Directions for this task — Count the lines below that include "assert". Only the number should be given.

Records supplied —
===============

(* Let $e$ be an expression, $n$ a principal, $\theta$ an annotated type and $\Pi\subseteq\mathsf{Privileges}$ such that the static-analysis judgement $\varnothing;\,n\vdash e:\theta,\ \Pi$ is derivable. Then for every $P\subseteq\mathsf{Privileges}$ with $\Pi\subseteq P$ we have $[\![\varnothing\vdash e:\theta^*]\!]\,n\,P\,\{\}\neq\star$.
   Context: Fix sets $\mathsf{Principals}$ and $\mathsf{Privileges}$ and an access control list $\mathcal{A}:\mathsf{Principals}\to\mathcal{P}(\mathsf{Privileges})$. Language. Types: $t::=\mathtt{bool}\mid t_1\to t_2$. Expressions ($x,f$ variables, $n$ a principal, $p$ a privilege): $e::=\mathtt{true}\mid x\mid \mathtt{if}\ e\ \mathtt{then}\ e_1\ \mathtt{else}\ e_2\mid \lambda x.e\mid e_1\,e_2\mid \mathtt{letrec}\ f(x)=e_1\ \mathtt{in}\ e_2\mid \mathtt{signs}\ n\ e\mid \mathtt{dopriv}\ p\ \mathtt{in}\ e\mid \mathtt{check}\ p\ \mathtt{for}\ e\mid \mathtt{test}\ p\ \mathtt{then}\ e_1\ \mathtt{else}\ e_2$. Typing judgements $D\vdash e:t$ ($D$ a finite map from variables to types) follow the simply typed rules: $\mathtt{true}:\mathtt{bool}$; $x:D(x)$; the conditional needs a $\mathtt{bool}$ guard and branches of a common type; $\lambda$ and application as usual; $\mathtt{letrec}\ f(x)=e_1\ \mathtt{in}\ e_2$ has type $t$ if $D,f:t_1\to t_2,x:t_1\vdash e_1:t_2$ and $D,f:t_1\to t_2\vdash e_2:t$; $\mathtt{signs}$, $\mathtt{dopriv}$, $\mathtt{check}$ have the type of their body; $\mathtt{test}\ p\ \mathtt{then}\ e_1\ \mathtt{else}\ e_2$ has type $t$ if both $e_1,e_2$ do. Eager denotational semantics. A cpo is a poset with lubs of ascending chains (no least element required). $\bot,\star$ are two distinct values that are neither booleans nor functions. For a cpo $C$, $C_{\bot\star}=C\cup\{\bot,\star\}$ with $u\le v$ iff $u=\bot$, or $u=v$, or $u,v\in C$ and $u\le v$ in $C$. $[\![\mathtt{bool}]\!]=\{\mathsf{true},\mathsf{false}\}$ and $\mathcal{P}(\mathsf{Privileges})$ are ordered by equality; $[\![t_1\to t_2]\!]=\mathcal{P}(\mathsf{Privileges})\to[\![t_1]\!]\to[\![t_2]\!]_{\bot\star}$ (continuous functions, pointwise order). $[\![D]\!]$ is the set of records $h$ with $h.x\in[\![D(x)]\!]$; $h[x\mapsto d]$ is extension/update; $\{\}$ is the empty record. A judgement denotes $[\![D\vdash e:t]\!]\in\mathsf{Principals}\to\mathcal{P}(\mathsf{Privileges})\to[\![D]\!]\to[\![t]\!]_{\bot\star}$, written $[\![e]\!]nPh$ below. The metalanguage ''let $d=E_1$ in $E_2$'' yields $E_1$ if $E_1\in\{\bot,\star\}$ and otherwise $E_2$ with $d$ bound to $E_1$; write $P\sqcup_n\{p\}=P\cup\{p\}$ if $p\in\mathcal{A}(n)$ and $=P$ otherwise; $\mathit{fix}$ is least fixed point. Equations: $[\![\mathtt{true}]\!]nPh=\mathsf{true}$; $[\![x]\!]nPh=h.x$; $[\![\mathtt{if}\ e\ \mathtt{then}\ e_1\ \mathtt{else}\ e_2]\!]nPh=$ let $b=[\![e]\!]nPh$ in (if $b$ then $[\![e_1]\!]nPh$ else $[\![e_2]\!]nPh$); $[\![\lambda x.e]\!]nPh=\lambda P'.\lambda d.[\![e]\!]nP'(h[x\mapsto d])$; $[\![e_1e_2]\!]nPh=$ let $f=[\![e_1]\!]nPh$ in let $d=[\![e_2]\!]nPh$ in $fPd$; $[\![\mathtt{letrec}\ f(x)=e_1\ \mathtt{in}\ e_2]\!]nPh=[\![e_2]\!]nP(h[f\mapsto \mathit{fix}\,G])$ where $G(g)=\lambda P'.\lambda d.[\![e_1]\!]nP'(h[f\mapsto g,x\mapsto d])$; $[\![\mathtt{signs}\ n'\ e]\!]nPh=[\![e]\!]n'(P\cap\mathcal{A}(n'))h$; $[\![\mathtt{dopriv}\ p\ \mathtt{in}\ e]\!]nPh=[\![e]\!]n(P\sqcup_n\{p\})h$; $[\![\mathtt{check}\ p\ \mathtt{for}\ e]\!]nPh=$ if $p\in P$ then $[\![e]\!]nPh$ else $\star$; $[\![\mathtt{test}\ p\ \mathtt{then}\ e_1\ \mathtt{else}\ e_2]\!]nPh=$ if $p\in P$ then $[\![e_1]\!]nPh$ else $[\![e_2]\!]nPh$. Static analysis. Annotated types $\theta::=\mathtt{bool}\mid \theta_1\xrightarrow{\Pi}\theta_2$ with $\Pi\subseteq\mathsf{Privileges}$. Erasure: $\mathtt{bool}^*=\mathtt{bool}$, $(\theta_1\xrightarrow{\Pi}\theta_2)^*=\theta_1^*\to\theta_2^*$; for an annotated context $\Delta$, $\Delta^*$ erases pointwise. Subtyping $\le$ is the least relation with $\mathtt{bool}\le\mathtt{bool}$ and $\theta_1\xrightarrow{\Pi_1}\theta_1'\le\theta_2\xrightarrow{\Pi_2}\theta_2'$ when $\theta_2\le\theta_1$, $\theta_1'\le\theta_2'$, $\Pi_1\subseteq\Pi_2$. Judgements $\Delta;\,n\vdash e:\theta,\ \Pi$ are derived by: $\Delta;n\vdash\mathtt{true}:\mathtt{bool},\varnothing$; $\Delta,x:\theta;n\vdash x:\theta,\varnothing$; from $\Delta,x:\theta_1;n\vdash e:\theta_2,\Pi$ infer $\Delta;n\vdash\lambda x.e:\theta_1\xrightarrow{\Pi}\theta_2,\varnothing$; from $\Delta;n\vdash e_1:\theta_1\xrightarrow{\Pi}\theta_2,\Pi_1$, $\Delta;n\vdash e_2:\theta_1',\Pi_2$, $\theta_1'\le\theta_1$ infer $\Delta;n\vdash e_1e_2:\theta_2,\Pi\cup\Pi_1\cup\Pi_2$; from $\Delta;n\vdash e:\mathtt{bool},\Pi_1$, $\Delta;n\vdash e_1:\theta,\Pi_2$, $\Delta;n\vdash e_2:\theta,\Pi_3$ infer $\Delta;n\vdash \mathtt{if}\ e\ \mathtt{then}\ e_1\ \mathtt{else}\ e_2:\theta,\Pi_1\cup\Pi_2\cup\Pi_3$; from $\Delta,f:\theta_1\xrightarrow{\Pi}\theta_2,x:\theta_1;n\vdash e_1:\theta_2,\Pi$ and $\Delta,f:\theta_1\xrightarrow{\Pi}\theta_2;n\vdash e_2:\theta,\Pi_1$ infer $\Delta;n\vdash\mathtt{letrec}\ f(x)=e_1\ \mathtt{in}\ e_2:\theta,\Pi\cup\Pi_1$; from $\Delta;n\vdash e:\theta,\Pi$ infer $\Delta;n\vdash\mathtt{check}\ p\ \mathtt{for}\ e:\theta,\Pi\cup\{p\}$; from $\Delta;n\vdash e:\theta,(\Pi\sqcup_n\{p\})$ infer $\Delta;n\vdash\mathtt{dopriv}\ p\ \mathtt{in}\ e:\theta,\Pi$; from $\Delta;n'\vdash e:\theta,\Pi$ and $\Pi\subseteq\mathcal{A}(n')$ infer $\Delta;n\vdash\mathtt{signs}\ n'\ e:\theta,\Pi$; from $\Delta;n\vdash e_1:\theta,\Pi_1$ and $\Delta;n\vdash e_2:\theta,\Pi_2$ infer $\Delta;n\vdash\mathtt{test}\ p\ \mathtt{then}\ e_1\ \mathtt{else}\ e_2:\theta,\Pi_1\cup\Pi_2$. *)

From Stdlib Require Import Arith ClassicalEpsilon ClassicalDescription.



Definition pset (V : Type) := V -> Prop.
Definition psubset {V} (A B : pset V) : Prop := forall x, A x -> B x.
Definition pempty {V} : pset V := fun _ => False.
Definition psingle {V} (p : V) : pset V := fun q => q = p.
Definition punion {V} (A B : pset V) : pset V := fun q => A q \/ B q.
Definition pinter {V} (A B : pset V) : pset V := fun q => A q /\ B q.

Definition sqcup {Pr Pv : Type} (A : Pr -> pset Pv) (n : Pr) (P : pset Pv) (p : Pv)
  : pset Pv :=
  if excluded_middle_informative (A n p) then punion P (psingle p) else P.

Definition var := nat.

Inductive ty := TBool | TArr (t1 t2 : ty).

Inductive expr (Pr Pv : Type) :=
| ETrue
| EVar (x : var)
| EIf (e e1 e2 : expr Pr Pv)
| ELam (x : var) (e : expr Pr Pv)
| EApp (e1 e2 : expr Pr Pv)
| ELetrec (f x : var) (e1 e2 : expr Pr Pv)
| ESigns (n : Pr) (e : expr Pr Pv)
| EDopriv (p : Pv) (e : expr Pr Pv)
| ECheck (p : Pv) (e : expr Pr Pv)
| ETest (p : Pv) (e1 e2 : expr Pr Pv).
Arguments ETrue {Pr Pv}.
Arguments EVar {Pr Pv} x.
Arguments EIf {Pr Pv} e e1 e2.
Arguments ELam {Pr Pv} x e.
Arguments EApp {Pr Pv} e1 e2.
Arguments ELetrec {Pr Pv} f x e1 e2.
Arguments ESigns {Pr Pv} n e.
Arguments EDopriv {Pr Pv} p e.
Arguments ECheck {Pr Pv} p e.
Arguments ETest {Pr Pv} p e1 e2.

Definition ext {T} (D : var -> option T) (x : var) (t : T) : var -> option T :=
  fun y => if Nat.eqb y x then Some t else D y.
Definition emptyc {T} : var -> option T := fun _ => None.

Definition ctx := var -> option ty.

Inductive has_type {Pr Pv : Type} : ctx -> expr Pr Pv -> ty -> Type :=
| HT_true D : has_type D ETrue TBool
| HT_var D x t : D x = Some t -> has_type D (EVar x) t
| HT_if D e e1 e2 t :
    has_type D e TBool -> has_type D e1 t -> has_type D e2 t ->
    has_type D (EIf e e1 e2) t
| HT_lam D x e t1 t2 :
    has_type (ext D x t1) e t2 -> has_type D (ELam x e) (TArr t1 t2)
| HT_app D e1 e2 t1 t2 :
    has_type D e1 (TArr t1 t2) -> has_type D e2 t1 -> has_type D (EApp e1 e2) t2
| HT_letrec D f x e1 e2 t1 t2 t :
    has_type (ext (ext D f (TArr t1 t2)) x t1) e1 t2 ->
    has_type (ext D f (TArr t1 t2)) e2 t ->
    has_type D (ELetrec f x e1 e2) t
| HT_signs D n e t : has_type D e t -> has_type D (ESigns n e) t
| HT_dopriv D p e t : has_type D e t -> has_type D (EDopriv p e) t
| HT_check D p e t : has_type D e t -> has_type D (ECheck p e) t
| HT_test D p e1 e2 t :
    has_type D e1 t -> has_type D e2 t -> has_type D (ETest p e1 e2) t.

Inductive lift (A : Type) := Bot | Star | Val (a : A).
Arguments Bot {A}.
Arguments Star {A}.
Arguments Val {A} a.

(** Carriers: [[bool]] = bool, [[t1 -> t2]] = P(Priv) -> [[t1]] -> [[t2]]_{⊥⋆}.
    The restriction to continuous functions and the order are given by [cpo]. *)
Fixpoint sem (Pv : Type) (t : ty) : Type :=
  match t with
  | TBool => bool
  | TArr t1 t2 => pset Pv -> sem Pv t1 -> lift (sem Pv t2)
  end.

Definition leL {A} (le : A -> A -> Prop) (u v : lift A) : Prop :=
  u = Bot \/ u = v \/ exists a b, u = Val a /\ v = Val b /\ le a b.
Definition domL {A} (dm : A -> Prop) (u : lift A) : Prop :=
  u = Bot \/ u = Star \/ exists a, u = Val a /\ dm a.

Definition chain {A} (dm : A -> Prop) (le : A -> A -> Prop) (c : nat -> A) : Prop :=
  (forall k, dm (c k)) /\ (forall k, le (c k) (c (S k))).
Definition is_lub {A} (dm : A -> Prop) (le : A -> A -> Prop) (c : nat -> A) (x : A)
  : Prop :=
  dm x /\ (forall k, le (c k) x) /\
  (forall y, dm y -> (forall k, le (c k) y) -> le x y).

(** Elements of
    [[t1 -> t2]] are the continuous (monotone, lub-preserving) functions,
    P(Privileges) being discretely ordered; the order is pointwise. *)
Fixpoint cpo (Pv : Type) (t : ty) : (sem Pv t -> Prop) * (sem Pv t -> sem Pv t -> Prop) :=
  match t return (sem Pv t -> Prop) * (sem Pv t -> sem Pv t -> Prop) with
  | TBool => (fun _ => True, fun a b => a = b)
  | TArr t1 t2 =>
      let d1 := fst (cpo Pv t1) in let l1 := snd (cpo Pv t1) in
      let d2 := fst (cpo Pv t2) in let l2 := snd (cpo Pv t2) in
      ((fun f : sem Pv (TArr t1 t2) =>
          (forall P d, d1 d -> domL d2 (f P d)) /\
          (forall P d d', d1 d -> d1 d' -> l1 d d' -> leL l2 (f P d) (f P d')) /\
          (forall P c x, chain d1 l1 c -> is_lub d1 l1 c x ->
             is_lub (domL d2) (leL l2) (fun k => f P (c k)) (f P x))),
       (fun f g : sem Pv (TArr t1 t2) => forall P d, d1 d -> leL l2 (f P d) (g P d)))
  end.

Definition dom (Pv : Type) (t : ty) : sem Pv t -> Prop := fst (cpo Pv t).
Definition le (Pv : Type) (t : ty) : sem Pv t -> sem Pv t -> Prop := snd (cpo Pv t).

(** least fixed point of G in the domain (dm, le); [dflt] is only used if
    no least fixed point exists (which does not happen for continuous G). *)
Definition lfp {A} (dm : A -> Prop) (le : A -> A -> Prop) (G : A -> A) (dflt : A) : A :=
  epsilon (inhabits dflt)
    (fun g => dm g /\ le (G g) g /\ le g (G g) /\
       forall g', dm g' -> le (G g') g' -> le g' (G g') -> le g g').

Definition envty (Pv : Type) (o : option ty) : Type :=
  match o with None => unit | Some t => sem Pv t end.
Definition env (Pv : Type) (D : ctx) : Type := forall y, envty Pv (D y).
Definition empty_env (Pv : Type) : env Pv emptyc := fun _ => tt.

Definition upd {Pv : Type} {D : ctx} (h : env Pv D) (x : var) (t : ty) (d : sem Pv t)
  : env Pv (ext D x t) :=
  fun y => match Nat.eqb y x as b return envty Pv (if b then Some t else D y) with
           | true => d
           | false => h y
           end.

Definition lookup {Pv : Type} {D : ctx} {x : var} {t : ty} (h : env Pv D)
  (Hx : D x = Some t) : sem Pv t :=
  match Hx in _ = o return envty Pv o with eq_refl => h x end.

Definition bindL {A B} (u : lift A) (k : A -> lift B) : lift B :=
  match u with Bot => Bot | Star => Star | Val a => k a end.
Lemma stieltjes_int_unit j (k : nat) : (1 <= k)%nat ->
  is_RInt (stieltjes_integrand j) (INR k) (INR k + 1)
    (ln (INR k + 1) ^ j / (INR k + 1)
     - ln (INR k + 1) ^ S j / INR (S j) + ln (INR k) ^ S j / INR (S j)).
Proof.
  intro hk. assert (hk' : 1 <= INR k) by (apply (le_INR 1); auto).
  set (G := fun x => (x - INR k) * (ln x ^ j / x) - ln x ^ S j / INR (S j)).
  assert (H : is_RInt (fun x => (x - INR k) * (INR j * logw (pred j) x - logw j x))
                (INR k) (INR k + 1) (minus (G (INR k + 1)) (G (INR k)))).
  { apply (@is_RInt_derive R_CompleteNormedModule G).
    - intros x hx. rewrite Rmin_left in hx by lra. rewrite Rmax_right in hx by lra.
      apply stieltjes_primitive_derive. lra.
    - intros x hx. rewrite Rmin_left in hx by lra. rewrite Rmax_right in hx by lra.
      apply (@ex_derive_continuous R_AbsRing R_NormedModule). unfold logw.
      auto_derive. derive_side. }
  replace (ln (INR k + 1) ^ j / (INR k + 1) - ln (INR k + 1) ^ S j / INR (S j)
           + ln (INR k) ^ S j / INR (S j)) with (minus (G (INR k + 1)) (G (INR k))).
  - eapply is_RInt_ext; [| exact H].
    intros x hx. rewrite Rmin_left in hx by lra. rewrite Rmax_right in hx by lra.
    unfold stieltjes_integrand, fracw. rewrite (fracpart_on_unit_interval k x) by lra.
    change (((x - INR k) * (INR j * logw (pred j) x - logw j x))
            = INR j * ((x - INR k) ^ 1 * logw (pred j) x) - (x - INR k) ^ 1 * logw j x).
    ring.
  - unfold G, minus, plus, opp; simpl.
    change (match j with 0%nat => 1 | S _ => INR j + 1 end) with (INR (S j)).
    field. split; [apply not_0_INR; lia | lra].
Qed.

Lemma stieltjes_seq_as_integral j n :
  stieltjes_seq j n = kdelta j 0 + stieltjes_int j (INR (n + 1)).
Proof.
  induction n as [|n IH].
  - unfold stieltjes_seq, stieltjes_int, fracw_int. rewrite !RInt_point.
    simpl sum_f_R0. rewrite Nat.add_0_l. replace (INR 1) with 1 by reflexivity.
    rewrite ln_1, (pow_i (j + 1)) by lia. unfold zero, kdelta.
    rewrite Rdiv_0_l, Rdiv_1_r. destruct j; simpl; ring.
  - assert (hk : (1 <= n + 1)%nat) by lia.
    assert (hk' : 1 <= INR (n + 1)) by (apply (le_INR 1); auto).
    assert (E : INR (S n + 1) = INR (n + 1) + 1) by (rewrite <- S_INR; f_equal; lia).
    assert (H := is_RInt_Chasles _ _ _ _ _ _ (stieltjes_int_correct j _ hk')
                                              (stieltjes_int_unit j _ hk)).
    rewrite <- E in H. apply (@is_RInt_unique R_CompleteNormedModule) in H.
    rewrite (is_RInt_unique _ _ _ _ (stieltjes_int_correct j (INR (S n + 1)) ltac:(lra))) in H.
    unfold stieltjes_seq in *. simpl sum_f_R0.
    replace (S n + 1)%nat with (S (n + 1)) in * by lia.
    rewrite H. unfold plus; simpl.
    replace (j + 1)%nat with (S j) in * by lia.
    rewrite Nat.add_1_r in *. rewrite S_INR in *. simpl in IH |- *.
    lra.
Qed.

===============

Written response — 6